The article sought to develop a critical approach to AI technologies used in the moderation of racist hate speech. In doing so, it assumed a decolonial perspective, drawing upon the work of Anibal Quijano (2007a, b) who historicised race as emerging out of the colonial expansion of Europeans, and used as part of a system of power that justified the domination of those designated as non-white. Quijano argues that although former colonies have become formally independent, coloniality still structures the world in an unequal manner. Decoloniality is therefore the process by which the current systems of power, revolving around race and the racialisation of people, their continued silencing and exploitation, can be questioned and dismantled.

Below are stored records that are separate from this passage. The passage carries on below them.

(* For the minimal labeling of a geometric lattice, the first chain M = f_first(γ) of a facet γ of
   P^S ascends at every rank x outside S: there u_x is not in γ, and replacing it by
   u_{x-1} ∨ λ(u_x ≺ u_{x+1}) would give a lexicographically smaller chain through γ.
   At a rank x in S, a descent lets the same swap produce a smaller chain through γ \ {u_x},
   whose facet therefore comes before γ; as every proper face of γ misses some u_x, γ is then a
   homology facet. An ascent at x in S makes M increasing between the neighbours of x in
   S ∪ {0, n}, so every maximal chain through γ \ {u_x} avoiding u_x has a larger label word
   than M, and γ \ {u_x} lies in no earlier facet. Having descents exactly at S means that the
   label word fills Rib(s_1, s_2 - s_1, ..., n - s_k) standardly, and the label word of any
   maximal chain is an NBC+ basis. *)

Lemma homo_ltn_itv (T : Type) (r : T -> T -> Prop) (f : nat -> T) a b :
  (forall y x z, r x y -> r y z -> r x z) ->
  (forall t, a <= t < b -> r (f t) (f t.+1)) ->
  forall k l, a <= k -> k < l -> l <= b -> r (f k) (f l).
Proof.
move=> r_trans f_step k l ak kl lb; pose D := [pred t | a <= t <= b].
have D_convex : {in D &, forall i j t, i < t < j -> t \in D}.
  move=> i j /andP[ai _] /andP[_ jb] t /andP[it tj].
  by rewrite inE /= (leq_trans ai (ltnW it)) (leq_trans (ltnW tj) jb).
apply: (homo_ltn_in r_trans D_convex) => //.
- by move=> t /andP[a_t _] /andP[_ tb]; apply: f_step; rewrite a_t tb.
- by rewrite inE /= ak (leq_trans (ltnW kl) lb).
- by rewrite inE /= lb (leq_trans ak (ltnW kl)).
Qed.

Lemma exists_crossing (P : pred nat) a b : a <= b -> ~~ P a -> P b ->
  exists q, [/\ a <= q, q < b, ~~ P q & P q.+1].
Proof.
elim: b => [|b IH]; first by rewrite leqn0 => /eqP-> /negP.
rewrite leq_eqVlt => /orP[/eqP-> /negP//|]; rewrite ltnS => ab nPa Pb.
case: (boolP (P b)) => [Pb'|nPb]; last by exists b.
by have [q [? ? ? ?]] := IH ab nPa Pb'; exists q; split => //; apply: ltnW.
Qed.

Lemma nearest_below (P : pred nat) x : 0 < x -> P 0 ->
  exists a, [/\ a < x, P a & forall y, a < y < x -> ~~ P y].
Proof.
move=> x0 P0; have ex : exists t, (t < x) && P t by exists 0; rewrite x0 P0.
have bound t : (t < x) && P t -> t <= x by case/andP=> /ltnW.
case: (ex_maxnP ex bound) => a /andP[ax Pa] amax; exists a; split => // y /andP[ay yx].
by apply/negP => Py; have := amax y; rewrite yx Py => /(_ isT); lia.
Qed.

Lemma nearest_above (P : pred nat) x n : x < n -> P n ->
  exists b, [/\ x < b, b <= n, P b & forall y, x < y < b -> ~~ P y].
Proof.
move=> xn Pn; have ex : exists t, (x < t) && P t by exists n; rewrite xn Pn.
case: (ex_minnP ex) => b /andP[xb Pb] bmin; exists b; split => //.
  by apply: bmin; rewrite xn Pn.
by move=> y /andP[xy yb]; apply/negP => Py; have := bmin y; rewrite xy Py => /(_ isT); lia.
Qed.

Section CountingSteps.
Variables (X : nat -> nat) (P : pred nat).
Hypothesis X_succ : forall k, X k.+1 = X k + P k.+1.

Lemma succ_homo_leq : {homo X : p q / p <= q}.
Proof.
apply: (homo_leq (r := leq)) => // [y x z|t]; first exact: leq_trans.
by rewrite X_succ leq_addr.
Qed.

Lemma succ_flat_false k l : k <= l -> X k = X l -> forall i, k < i <= l -> ~~ P i.
Proof.
elim: l => [|l IH]; first by rewrite leqn0 => /eqP-> _ i; lia.
rewrite leq_eqVlt => /orP[/eqP<- _ i|]; first lia.
rewrite ltnS => kl; rewrite X_succ => Xkl.
have Xkl' := succ_homo_leq kl.
have [{}Xkl Pl] : X k = X l /\ P l.+1 = false by case: (P l.+1) Xkl => /=; lia.
move=> i /andP[ki]; rewrite leq_eqVlt => /orP[/eqP->|il]; first by rewrite Pl.
by apply: IH => //; rewrite ki.
Qed.

End CountingSteps.

Lemma lexlt_irr w : lexlt w w = false.
Proof. by elim: w => //= x w ->; rewrite ltnn eqxx. Qed.

Lemma lexlt_trans u v w : lexlt u v -> lexlt v w -> lexlt u w.
Proof.
elim: u v w => [|x u IH] [|y v] [|z w] //=.
case/orP=> [xy|/andP[/eqP-> uv]] /orP[yz|/andP[/eqP<- vw]].
- by rewrite (ltn_trans xy yz).
- by rewrite xy.
- by rewrite yz.
- by rewrite (IH _ _ uv vw) eqxx orbT.
Qed.

Lemma lexle_lt_trans u v w : lexle u v -> lexlt v w -> lexlt u w.
Proof. by case/orP=> [/eqP->//|]; apply: lexlt_trans. Qed.

Lemma lexle_trans u v w : lexle u v -> lexle v w -> lexle u w.
Proof.
case/orP=> [/eqP->//|uv] /orP[/eqP<-|vw]; rewrite /lexle ?uv ?(lexlt_trans uv vw) orbT //.
Qed.

Lemma lexle_total u v : lexle u v || lexle v u.
Proof.
rewrite /lexle; elim: u v => [|x u IH] [|y v] //=.
have [xy|xy|->] := ltngtP x y; rewrite ?eqxx ?orbT //=.
rewrite !eqseq_cons eqxx /=.
by case/orP: (IH v) => /orP[->|->]; rewrite ?orbT // eq_sym => ->; rewrite orbT.
Qed.

Lemma lexlt_map_iota (A B : nat -> nat) k m r : k <= r < k + m ->
  (forall q, k <= q < r -> A q = B q) -> A r < B r ->
  lexlt (map A (iota k m)) (map B (iota k m)).
Proof.
elim: m k => [|m IH] k; first by rewrite addn0; lia.
move=> /andP[kr rkm] AB ABr /=.
case: (ltngtP k r) => [{}kr|rk|->]; [|lia|by rewrite ABr].
rewrite AB ?leqnn ?kr // eqxx ltnn /=; apply: IH => //; first lia.
by move=> q /andP[kq qr]; apply: AB; rewrite qr ltnW.
Qed.

Lemma exists_lexle_min (T : eqType) (key : T -> seq nat) (l : seq T) : l != [::] ->
  exists2 m, m \in l & forall y, y \in l -> lexle (key m) (key y).
Proof.
elim: l => // a l IH _; case: (eqVneq l [::]) => [->|/IH[m ml mmin]].
  by exists a; rewrite ?inE // => y; rewrite inE => /eqP->; rewrite /lexle eqxx.
case/orP: (lexle_total (key a) (key m)) => am.
  exists a; rewrite ?inE ?eqxx // => y; rewrite inE => /orP[/eqP->|yl].
    by rewrite /lexle eqxx.
  exact: lexle_trans am (mmin y yl).
exists m; rewrite ?inE ?ml ?orbT // => y; rewrite inE => /orP[/eqP->//|].
exact: mmin.
Qed.

Lemma scanl_addn_pairmap_subn x t : path leq x t ->
  scanl addn x (pairmap (fun a b => b - a) x t) = t.
Proof. by elim: t x => //= y t IH x /andP[xy pt]; rewrite subnKC // IH. Qed.

Lemma sumn_pairmap_subn x t : path leq x t ->
  sumn (pairmap (fun a b => b - a) x t) + x = last x t.
Proof.
elim: t x => //= y t IH x /andP[xy pt].
by rewrite -addnA addnCA subnK // IH.
Qed.

Definition standard_nat_filling (r : seq nat) (g : nat -> nat) :=
  forall k l, k < sumn r -> l < sumn r ->
    (rib_row r k = rib_row r l -> rib_col r k < rib_col r l -> g k < g l) /\
    (rib_col r k = rib_col r l -> rib_row r l < rib_row r k -> g k < g l).

Section RibbonOfComposition.
Variables (n : nat) (s : seq nat).
Hypotheses (s_sorted : sorted ltn s) (s_range : all (fun x => 0 < x < n) s).

Let r := rib_comp n s.
Let row k := count (fun t => t <= k) s.

Lemma path_leq_rcons_n : path leq 0 (rcons s n).
Proof.
rewrite rcons_path path_sortedE; last exact: leq_trans.
rewrite (sub_sorted (fun a b => @ltnW a b) s_sorted) andbT; apply/andP; split.
  by apply/allP.
have := mem_last 0 s; rewrite inE => /orP[/eqP->//|].
by move/(allP s_range) => /andP[_ /ltnW].
Qed.

Lemma sumn_rib_comp : sumn r = n.
Proof. by have := sumn_pairmap_subn path_leq_rcons_n; rewrite addn0 last_rcons. Qed.

Lemma rib_row_comp k : k < n -> rib_row r k = row k.
Proof.
move=> kn; rewrite /rib_row scanl_addn_pairmap_subn ?path_leq_rcons_n //.
by rewrite -cats1 count_cat /= leqNgt kn !addn0.
Qed.

Let row_succ k : row k.+1 = row k + (k.+1 \in s).
Proof.
rewrite /row -(count_uniq_mem _ (sorted_uniq ltn_trans ltnn s_sorted)).
elim: s => //= y l ->; rewrite (leq_eqVlt y) ltnS.
by case: (eqVneq y k.+1) => [->|ne] /=; rewrite ?eqxx ?ltnn ?(negPf ne) /=; lia.
Qed.

Let row_le k : row k <= k.
Proof.
elim: k => [|k IH]; last by rewrite row_succ; case: (k.+1 \in s) => /=; lia.
rewrite leqn0 eqn0Ngt -has_count; apply/hasPn => y /(allP s_range) /andP[y0 _].
by rewrite /= -ltnNge.
Qed.

Let col_succ k : k.+1 - row k.+1 = k - row k + (k.+1 \notin s).
Proof. by rewrite row_succ; have := row_le k; case: (k.+1 \in s) => /=; lia. Qed.

Lemma rib_col_comp k : k < n -> rib_col r k = k - row k.
Proof. by move=> kn; rewrite /rib_col rib_row_comp. Qed.

Lemma standard_rib_compP g : standard_nat_filling r g <->
  (forall x, 0 < x < n -> if x \in s then g x < g x.-1 else g x.-1 < g x).
Proof.
rewrite /standard_nat_filling sumn_rib_comp; split.
  move=> std x /andP[x0 xn]; have x1n : x.-1 < n by lia.
  (* Box [x] lies directly above box [x.-1] if [x \in s], and just right of it otherwise. *)
  have := row_succ x.-1; have := col_succ x.-1; rewrite prednK // => col_x row_x.
  have [[_ same_col] [same_row _]] := (std x x.-1 xn x1n, std x.-1 x x1n xn).
  move: same_col same_row; rewrite !rib_row_comp // !rib_col_comp // col_x row_x.
  by case: (x \in s) => /= same_col same_row; [apply: same_col | apply: same_row]; lia.
move=> gstep k l kn ln; rewrite !rib_col_comp // !rib_row_comp //; split=> [same_row lt_col | same_col lt_row].
- have kl : k < l.
    by rewrite ltnNge; apply/negP => /(succ_homo_leq (P := fun x => x \notin s) col_succ); lia.
  have nos := succ_flat_false (P := fun x => x \in s) row_succ (ltnW kl) same_row.
  apply: (homo_ltn_itv (r := fun a b => a < b) (f := g) (a := k) (b := l)) => // [y x z|t /andP[kt tl]].
    exact: ltn_trans.
  have := gstep t.+1; rewrite (negPf (nos t.+1 _)) ?ltnS ?kt ?tl //; apply; lia.
- have lk : l < k.
    by rewrite ltnNge; apply/negP => /(succ_homo_leq (P := fun x => x \in s) row_succ); lia.
  have alls := succ_flat_false (P := fun x => x \notin s) col_succ (ltnW lk) (esym same_col).
  apply: (homo_ltn_itv (r := fun a b => b < a) (f := g) (a := l) (b := k)) => // [y x z|t /andP[lt tk]].
    by move=> xy yz; apply: ltn_trans xy.
  have := gstep t.+1; rewrite (negbNE (alls t.+1 _)) ?ltnS ?lt ?tk //; apply; lia.
Qed.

With this in mind, we turned to the issue of racist hate speech and its treatment in platforms and their content moderation systems. We saw those current definitions of hate speech do not include the views or positions of those targeted by racist hate speech; and secondly, they assume a procedural and general approach, disregarding the specific history of racism, making no references to historically oppressed groups. Platforms then imported the spirit of these definitions and used it in their terms of service and content policies. In applying these policies, platforms have used human moderation. This is low skilled, repetitive labour mainly undertaken by outsourced workers in short term contracts. AI based moderation emerged as a more efficient solution to the massive increase of problematic content and to the intense public scrutiny of platform content policies. AI moderation is addressing questions of scale, accuracy and standardisation, while also protecting users from being exposed to hate speech and other problematic contents by removing them proactively.

Technological advances and investment in AI systems point to its increased importance for platforms. However, AI systems still apply the same generic definitions and in the final analysis, they perform the job of relatively unskilled human moderators at scale. Moreover, in the development of AI systems to classify, remove or demote hate speech contents, platforms such as Facebook use training data that come from contents previously reported by those attacked or their allies and found to violate content policies. This labour is unacknowledged and uncompensated, and therefore exploitative. Facebook has further made clear that its goal is to manage hate speech to enable more people to post contents rather than address questions of racism and discrimination against specific racialised communities targeted by hate speech.

On this basis, the critique of AI in content moderation revolves around the following key issues: the continued silencing of racialised communities, the discounting of their experiences, and the exploitative use of their free labour. Because these aspects affect disproportionately racialised communities, the present content moderation systems of platforms and the ways in which they conceive and develop AI tools are reinforcing the current racial status quo and can therefore be characterised as colonial technologies.

A decolonial perspective to AI in content moderation should therefore contribute to the dismantling of current racial logics, designed and developed with this goal and following the decolonial values of equality, justice and emancipation. The centring of the voices of the oppressed in describing their own oppression is key to such a perspective, as is the acknowledgment and compensation of their labour. Rather than the individuating aim of removing discrete pieces of content, moderation technologies should aim to repair, educate and sustain communities.

To conclude, we found that in its current iteration AI in content moderation represents and serves to perpetuate systems of domination. If the current iteration of AI systems is seen as the go-to technology to save us from racist hate speech, it is bound to fail. In the context of racist hate speech, the question and challenge for us is to ask if we can create AI systems that embed and represent different values and serve the interests of equality, justice and emancipation.